If you are looking for improvements, and you want it to be a bit more formal, I would make two suggestions:

  1. You are very thorough proving the claim, going through all the cases, which is great. However you could shorten the proof of the claim by saying:

"If the least element is $x$, then we may subtract $x-1$ from all the numbers without changing their differences or the number of integers. Thus without loss of generality we may assume the least element is $1$."

Then you do not need to consider the other cases.

  1. The last part of the proof (after the claim is proved) is not as thorough as the proof of the claim. You assume that for $k=0,\cdots,5$ the numbers $7k+1,7k+3$ are selected, without justifying that this is optimal. It is obvious in a way, but for a formal proof you should justify this by saying something like:

"Pick the smallest $k$ where $7k+1, 7k+3$ are not picked.
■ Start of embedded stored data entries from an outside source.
Lemma sylvester_defectS e :
  sylvester_defect e.+1 = M *m sylvester_defect e - W *m (- F) ^+ e.
Proof.
have -> : W = - (M *m X + X *m F) by rewrite sylvMF opprK.
rewrite /sylvester_defect !exprS -!mulmxE mulmxBr !mulNmx !mulmxN !opprK.
by rewrite mulmxDl !mulmxA addrA subrK.
Qed.

Lemma mxnorm1_sylvester_defect t e :
  mxnorm1 M <= t -> mxnorm1 F <= t -> 1 <= t ->
  mxnorm1 (sylvester_defect e) <= e%:R * k.+1%:R * t ^+ e * mxnorm1 W.
Proof.
move=> Mt Ft t1; have t0 : 0 <= t := le_trans ler01 t1.
have W0 := mxnorm1_ge0 W.
elim: e => [|e IH].
  rewrite /sylvester_defect !expr0 mulmx1 mul1mx subrr !mul0r.
  by rewrite /mxnorm1 big1 // => i _; rewrite big1 // => j _; rewrite mxE normr0.
rewrite sylvester_defectS (le_trans (mxnorm1B _ _)) //.
have FeN : mxnorm1 ((- F) ^+ e) <= k.+1%:R * t ^+ e by rewrite mxnorm1X ?mxnorm1N.
apply: (le_trans (lerD (mxnorm1M_le Mt IH) (mxnorm1M_le (lexx _) FeN))).
rewrite exprSr -[e.+1]addn1 natrD.
have : 0 <= e%:R * k.+1%:R * t ^+ e * mxnorm1 W by rewrite !mulr_ge0 ?exprn_ge0.
have : 0 <= k.+1%:R * t ^+ e * mxnorm1 W by rewrite !mulr_ge0 ?exprn_ge0.
nra.
Qed.

Lemma mxnorm1_mul_horner_opp (p : {poly R}) t :
  horner_mx M p = 0 -> mxnorm1 M <= t -> mxnorm1 F <= t -> 1 <= t ->
  mxnorm1 (X *m horner_mx (- F) p) <=
    (\sum_(i < size p) `|p`_i| * (i%:R * k.+1%:R * t ^+ i)) * mxnorm1 W.
Proof.
move=> pM0 Mt Ft t1.
have -> : X *m horner_mx (- F) p =
    horner_mx M p *m X - \sum_(i < size p) p`_i *: sylvester_defect i.
  rewrite -{1 2}[p]coefK !poly_def !linear_sum /= mulmx_suml -big_split /=.
  apply: eq_bigr => i _; rewrite !linearZ /= !rmorphXn /= !horner_mx_X.
  by rewrite -scalemxAl -scalerDr /sylvester_defect opprB addrC subrK.
rewrite pM0 mul0mx sub0r mxnorm1N (le_trans (mxnorm1_sum _ _ _)) // mulr_suml.
apply: ler_sum => i _; rewrite mxnorm1Z -mulrA ler_wpM2l //.
exact: mxnorm1_sylvester_defect.
Qed.

End SylvesterDefect.

Lemma horner_char_poly (F : comNzRingType) k (A : 'M[F]_k) a :
  (char_poly A).[a] = \det (a%:M - A).
Proof.
rewrite horner_sum; apply: eq_bigr => s _.
rewrite hornerM horner_exp !hornerE; congr (_ * _).
rewrite (big_morph _ (fun p q => hornerM p q a) (hornerC 1 a)).
by apply: eq_bigr => i _; rewrite !mxE !(hornerE, hornerMn).
Qed.

Lemma char_poly_trmx (F : comNzRingType) k (A : 'M[F]_k) : char_poly A^T = char_poly A.
Proof.
rewrite /char_poly -det_tr; congr (\det _).
by apply/matrixP => i j; rewrite !mxE eq_sym.
Qed.

Section HurwitzSpectrum.
Variable R : realType.

Lemma hurwitz_trmx k (M : 'M[R]_k) : hurwitz M -> hurwitz M^T.
Proof.
move=> HM z; rewrite /cmx -map_trmx eigenvalue_root_char char_poly_trmx.
by rewrite -eigenvalue_root_char; apply: HM.
Qed.

Lemma char_poly_split k (A : 'M[R[i]]_k) :
  {rs : seq R[i] | char_poly A = \prod_(z <- rs) ('X - z%:P) & size rs = k}.
Proof.
have [rs Ars] := closed_field_poly_normal (char_poly A).
rewrite (monicP (char_poly_monic A)) scale1r in Ars.
exists rs => //; have := size_char_poly A.
by rewrite Ars size_prod_XsubC => -[].
Qed.

Lemma hurwitz_char_poly_roots k (M : 'M[R]_k) (rs : seq R[i]) :
  hurwitz M -> char_poly (cmx M) = \prod_(z <- rs) ('X - z%:P) ->
  forall z, z \in rs -> complex.Re z < 0.
Proof.
move=> HM Mrs z zrs.
have : Re z < 0 by apply: HM; rewrite eigenvalue_root_char Mrs root_prod_XsubC.
by rewrite -complexRe -[0 : R[i]]/((0 : R)%:C)%C ltcR.
Qed.

Lemma Re_le_normc (w : R[i]) : complex.Re w <= Normc.normc w.
Proof.
case: w => a b /=; apply: (le_trans (ler_norm a)).
by rewrite -sqrtr_sqr ler_sqrt ?lerDl ?sqr_ge0 ?addr_ge0 ?sqr_ge0.
Qed.
Lemma dev3_orth_conj S : dev3 (trans Q ** S ** Q) = trans Q ** dev3 S ** Q.
Proof.
  unfold dev3. rewrite tr_orth_conj.
  replace (trans Q ** madd S (mopp (mscal (tr S / 3) mid)) ** Q)
    with (madd (trans Q ** S ** Q) (mopp (mscal (tr S / 3) (trans Q ** Q)))) by mat_ring.
  rewrite Q_orth_l. reflexivity.
Qed.

Lemma mnorm_orth_conj A : mnorm (trans Q ** A ** Q) = mnorm A.
Proof.
  unfold mnorm, inner. f_equal.
  rewrite !trans_mmul, trans_trans, !mmul_assoc, (mmul_cancel_l _ _ _ Q_orth_r),
    tr_mmulC, !mmul_assoc, Q_orth_r, mmul_mid_r.
  reflexivity.
Qed.

Lemma orth_conjK Y : Q ** (trans Q ** Y ** Q) ** trans Q = Y.
Proof. rewrite !mmul_assoc, (mmul_cancel_l _ _ _ Q_orth_r), Q_orth_r. apply mmul_mid_r. Qed.

Lemma orth_conjK' Y : trans Q ** (Q ** Y ** trans Q) ** Q = Y.
Proof. rewrite !mmul_assoc, (mmul_cancel_l _ _ _ Q_orth_l), Q_orth_l. apply mmul_mid_r. Qed.

Lemma Ncone_orth_conj r S Y :
  Ncone r (trans Q ** S ** Q) (trans Q ** Y ** Q) <-> Ncone r S Y.
Proof.
  unfold Ncone. rewrite dev3_orth_conj, mnorm_orth_conj.
  assert (Hscal : forall c D, trans Q ** mscal c D ** Q = mscal c (trans Q ** D ** Q))
    by (intros; mat_ring).
  assert (Hzero : trans Q ** mzero ** Q = mzero) by mat_ring.
  split; intros [[Hn HY] | [Hn [l [Hl HY]]]].
  - left. split; [exact Hn|]. rewrite <- (orth_conjK Y), HY. mat_ring.
  - right. split; [exact Hn|]. exists l. split; [exact Hl|].
    rewrite <- (orth_conjK Y), HY, <- Hscal, orth_conjK. reflexivity.
  - left. split; [exact Hn|]. rewrite HY. exact Hzero.
  - right. split; [exact Hn|]. exists l. split; [exact Hl|]. rewrite HY. apply Hscal.
Qed.

Lemma negconj_orth_conj r M N S X :
  negconj (M ** trans Q) (Q ** N) (Ncone r S) X <->
  negconj M N (Ncone r (trans Q ** S ** Q)) X.
Proof.
  unfold negconj. split; intros [Y [HY HX]].
  - exists (trans Q ** Y ** Q). split; [now apply Ncone_orth_conj|].
    rewrite HX. f_equal. rewrite !mmul_assoc. reflexivity.
  - exists (Q ** Y ** trans Q). split.
    + apply Ncone_orth_conj. rewrite orth_conjK'. exact HY.
    + rewrite HX, <- (orth_conjK' Y) at 1. f_equal. rewrite !mmul_assoc. reflexivity.
Qed.

End OrthogonalConjugation.

Definition polar_rotation (Fp Up : Mat) : Mat := Fp ** minv Up.

Section PolarDecomposition.

Variables Fp Up : Mat.
Hypothesis Fp_invertible : det Fp <> 0.
Hypothesis Up_sqrt : is_sqrt_spd Up (trans Fp ** Fp).

Let Rp := polar_rotation Fp Up.

Lemma det_sqrt_neq0 : det Up <> 0.
Proof.
  destruct Up_sqrt as [_ [_ HUU]]. intro H0.
  pose proof (f_equal det HUU) as E.
  rewrite !det_mmul, det_trans, H0 in E. apply Fp_invertible. nra.
Qed.

Lemma trans_minv_sqrt : trans (minv Up) = minv Up.
Proof.
  destruct Up_sqrt as [HU _].
  rewrite <- minv_trans by exact det_sqrt_neq0. rewrite HU. reflexivity.
Qed.

Lemma polar_rotation_orth : trans Rp ** Rp = mid.
Proof.
  destruct Up_sqrt as [_ [_ HUU]]. unfold Rp, polar_rotation.
  rewrite trans_mmul, trans_minv_sqrt, !mmul_assoc, <- (mmul_assoc (trans Fp)), <- HUU,
    !mmul_assoc, (mmul_cancel_l _ _ _ (minv_mmul _ det_sqrt_neq0)).
  exact (mmul_minv _ det_sqrt_neq0).
Qed.

Lemma minv_polar : minv Fp = minv Up ** trans Rp.
Proof.
  apply minv_unique. rewrite <- mmul_assoc. exact (right_inverse_comm _ _ polar_rotation_orth).
Qed.

Lemma minv_right_cauchy_green : minv (trans Fp ** Fp) = minv Up ** minv Up.
Proof.
  apply minv_unique. destruct Up_sqrt as [_ [_ HUU]].
  rewrite <- HUU, !mmul_assoc, (mmul_cancel_l _ _ _ (mmul_minv _ det_sqrt_neq0)).
  exact (mmul_minv _ det_sqrt_neq0).
Qed.

Lemma Sigma_e_polar f F Ge Gt :
  similarity_invariant f ->
  is_gradient (fun Fe => f (trans Fe ** Fe)) (F ** minv Fp) Ge ->
  is_gradient f (trans F ** F ** minv (trans Fp ** Fp)) Gt ->
  trans Rp ** Sigma_e (F ** minv Fp) Ge ** Rp = Sigma_ring Up (trans F ** F) Gt.
Proof.
  intros Hf HGe HGt.
  destruct Up_sqrt as [HU _].
  pose proof polar_rotation_orth as HR.
  pose proof (minv_mmul _ det_sqrt_neq0) as HUiU.
  assert (HFp : Fp = Rp ** Up).
  { unfold Rp, polar_rotation. rewrite mmul_assoc, HUiU. symmetry. apply mmul_mid_r. }
  assert (HX : trans F ** F ** minv (trans Fp ** Fp) = trans F ** F ** minv Up ** minv Up)
    by (rewrite minv_right_cauchy_green; symmetry; apply mmul_assoc).
  rewrite HX in HGt.
  pose proof (gradient_commute f _ _ Hf HGt) as Hcomm.
  rewrite minv_polar in HGe |- *.
  assert (HGe' : Ge = F ** (minv Up ** trans Rp) **
     madd (Rp ** Up ** Gt ** (minv Up ** trans Rp)) (trans (Rp ** Up ** Gt ** (minv Up ** trans Rp)))).
  { apply (gradient_cauchy_green f); [exact Hf| |exact HGe|].
    - rewrite <- HFp, <- minv_polar. exact (mmul_minv _ Fp_invertible).
    - replace (trans (Rp ** Up) ** (trans (F ** (minv Up ** trans Rp)) ** (F ** (minv Up ** trans Rp)))
         ** trans (minv Up ** trans Rp)) with (trans F ** F ** minv Up ** minv Up); [exact HGt|].
      rewrite !trans_mmul, !trans_trans, trans_minv_sqrt, HU, !mmul_assoc,
        !(mmul_cancel_l _ _ _ HR), (mmul_cancel_l _ _ _ (mmul_minv _ det_sqrt_neq0)).
      reflexivity. }
  transitivity (minv Up ** madd (trans F ** F ** Gt) (trans Gt ** (trans F ** F)) ** minv Up).
  - unfold Sigma_e. rewrite HGe'.
    rewrite !trans_mmul, !trans_trans, trans_minv_sqrt, HU, !mmul_madd_l, !mmul_madd_r, !mmul_assoc,
      !(mmul_cancel_l _ _ _ HR), !HR, !mmul_mid_r, (mmul_cancel_l _ _ _ HUiU).
    f_equal. f_equal.
    rewrite <- !mmul_assoc, Hcomm, !mmul_assoc, HUiU, mmul_mid_r. reflexivity.
  - apply Mat_ext; intros [] []; unfold Sigma_ring, msym, mscal, madd, mmul, trans, sum3; simpl; field.
Qed.

Lemma negconj_Ncone_polar f r F Ge Gt X :
  similarity_invariant f ->
  is_gradient (fun Fe => f (trans Fe ** Fe)) (F ** minv Fp) Ge ->
  is_gradient f (trans F ** F ** minv (trans Fp ** Fp)) Gt ->
  negconj (minv Fp) (trans (minv Fp)) (Ncone r (Sigma_e (F ** minv Fp) Ge)) X <->
  negconj (minv Up) (minv Up) (Ncone r (Sigma_ring Up (trans F ** F) Gt)) X.
Proof.
  intros Hf HGe HGt.
  rewrite <- (Sigma_e_polar f F Ge Gt Hf HGe HGt), <- (negconj_orth_conj _ polar_rotation_orth),
    minv_polar, trans_mmul, trans_trans, trans_minv_sqrt.
  reflexivity.
Qed.

End PolarDecomposition.

Lemma negconj_minv M N A X : det M <> 0 -> det N <> 0 ->
  negconj (minv M) (minv N) A X <-> A (mopp (M ** X ** N)).
Proof.
  intros HM HN. unfold negconj. split.
  - intros [Y [HY ->]].
    replace (mopp (M ** mopp (minv M ** (Y ** minv N)) ** N)) with Y; [exact HY|].
    rewrite mmul_mopp_r, mmul_mopp_l, mopp_mopp, !mmul_assoc, (mmul_cancel_l _ _ _ (mmul_minv _ HM)),
      minv_mmul, mmul_mid_r by exact HN.
    reflexivity.
  - intro HA. exists (mopp (M ** X ** N)). split; [exact HA|].
    rewrite mmul_mopp_l, mmul_mopp_r, mopp_mopp, !mmul_assoc, (mmul_cancel_l _ _ _ (minv_mmul _ HM)),
      mmul_minv, mmul_mid_r by exact HN.
    reflexivity.
Qed.

Theorem mainTheorem9 (Psi : R -> R -> R -> R) (HPsi : C1_3 Psi) (r : R) (hr : 0 < r) :
  (forall (F Fp Up Ge Gt : Mat),
     GLplus F -> GLplus Fp ->
     is_sqrt_spd Up (mmul (trans Fp) Fp) ->
     is_gradient (Wfun Psi) (mmul F (minv Fp)) Ge ->
     is_gradient (Wtilde Psi)
       (mmul (mmul (trans F) F) (minv (mmul (trans Fp) Fp))) Gt ->
     forall X : Mat,
       negconj (minv Fp) (trans (minv Fp))
         (Ncone r (Sigma_e (mmul F (minv Fp)) Ge)) X
       <->
       negconj (minv Up) (minv Up)
         (Ncone r (Sigma_ring Up (mmul (trans F) F) Gt)) X)
  /\
  (forall (F : Mat) (Fp : R -> Mat) (t : R) (Up Ge Gt D : Mat),
     GLplus F -> (forall s, GLplus (Fp s)) ->
     (forall s i j, derivable_pt (fun u => Fp u i j) s) ->
     (forall i j, derivable_pt_lim
        (fun u => minv (mmul (trans (Fp u)) (Fp u)) i j) t (D i j)) ->
     is_sqrt_spd Up (mmul (trans (Fp t)) (Fp t)) ->
     is_gradient (Wfun Psi) (mmul F (minv (Fp t))) Ge ->
     is_gradient (Wtilde Psi)
       (mmul (mmul (trans F) F) (minv (mmul (trans (Fp t)) (Fp t)))) Gt ->
     (negconj (minv (Fp t)) (trans (minv (Fp t)))
        (Ncone r (Sigma_e (mmul F (minv (Fp t))) Ge)) D
      <->
      Ncone r (Sigma_ring Up (mmul (trans F) F) Gt) (mopp (mmul Up (mmul D Up))))).
Proof.
  split.
  - intros F Fp Up Ge Gt _ HFp HUp HGe HGt X.
    exact (negconj_Ncone_polar Fp Up ltac:(unfold GLplus in HFp; lra) HUp
             (Wtilde Psi) r F Ge Gt X (Wtilde_similarity_invariant Psi) HGe HGt).
  - intros F Fp t Up Ge Gt D _ HFp _ _ HUp HGe HGt.
    assert (HFt : det (Fp t) <> 0) by (specialize (HFp t); unfold GLplus in HFp; lra).
    rewrite (negconj_Ncone_polar (Fp t) Up HFt HUp (Wtilde Psi) r F Ge Gt D
               (Wtilde_similarity_invariant Psi) HGe HGt),
      negconj_minv by exact (det_sqrt_neq0 _ _ HFt HUp).
    rewrite mmul_assoc. reflexivity.
Qed.
Lemma N_ge0 T : bounded_op ip T -> 0 <= N T.
Proof. by case: HN => -[h _ _ _] _; exact: h. Qed.

Lemma N_scale a T : bounded_op ip T -> N (opscale a T) = normc a * N T.
Proof. by case: HN => -[_ _ h _] _; exact: h. Qed.

Lemma N_add T S : bounded_op ip T -> bounded_op ip S -> N (opadd T S) <= N T + N S.
Proof. by case: HN => -[_ _ _ h] _; exact: h. Qed.

Lemma N_mul T S : bounded_op ip T -> bounded_op ip S -> N (T \o S) <= N T * N S.
Proof. by case: HN => _ h; exact: h. Qed.

Lemma N_mean_le T S : bounded_op ip T -> bounded_op ip S ->
  N (opscale (2^-1) (opadd T S)) <= 2^-1 * (N T + N S).
Proof.
move=> hT hS; rewrite N_scale ?normc_half; last exact: bounded_add.
by apply: ler_wpM2l; [rewrite invr_ge0 | exact: N_add].
Qed.

Lemma N_Re_contraction_le (r : R) : (forall U, unitary ip U -> N U <= r) ->
  forall X X', bounded_op ip X -> is_adjoint ip X X' -> bndop X 1 ->
  N (opscale (2^-1) (opadd X X')) <= r.
Proof.
move=> hr X X' hX hXa hX1.
have hX' := is_adjoint_bounded hXa hX.
have hX'1 := is_adjoint_bnd ler01 hXa hX1.
set A := opscale _ _.
have bA : bounded_op ip A := bounded_scale _ (bounded_add hX hX').
have A_selfadj : is_adjoint ip A A.
  have := is_adjoint_scale (2^-1) (is_adjoint_add hXa (is_adjoint_sym hXa)).
  rewrite fmorphV rmorph_nat.
  by have -> : opadd X' X = opadd X X' by apply: boolp.funext => x; rewrite /opadd addrC.
have A_contr : bndop A 1.
  move=> x; rewrite /A /opscale /opadd hnormZ normc_half mul1r.
  have := ler_hnormD (X x) (X' x); have := hX1 x; have := hX'1 x; lra.
have [U1 [U2 [u1 u2 eA]]] :=
  selfadj_contraction_unitary_mean (bounded_opP bA).1 A_selfadj A_contr.
rewrite eA; apply: le_trans (N_mean_le u1.1 u2.1) _.
have := hr _ u1; have := hr _ u2; lra.
Qed.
Then replace the numbers in $\{7k+1,\cdots 7k+7\}$ that are picked with $7k+1, 7k+3$. From the claim we know that we have not reduced the number of integers. Also, we have not created any new differences of $1,3,4$."

Then finish the argument with your second to last paragraph. I would reword the first sentence slightly: "So of the first $42$ elements, we may assume these $12$ are picked."

I would lose the last paragraph as it is not needed.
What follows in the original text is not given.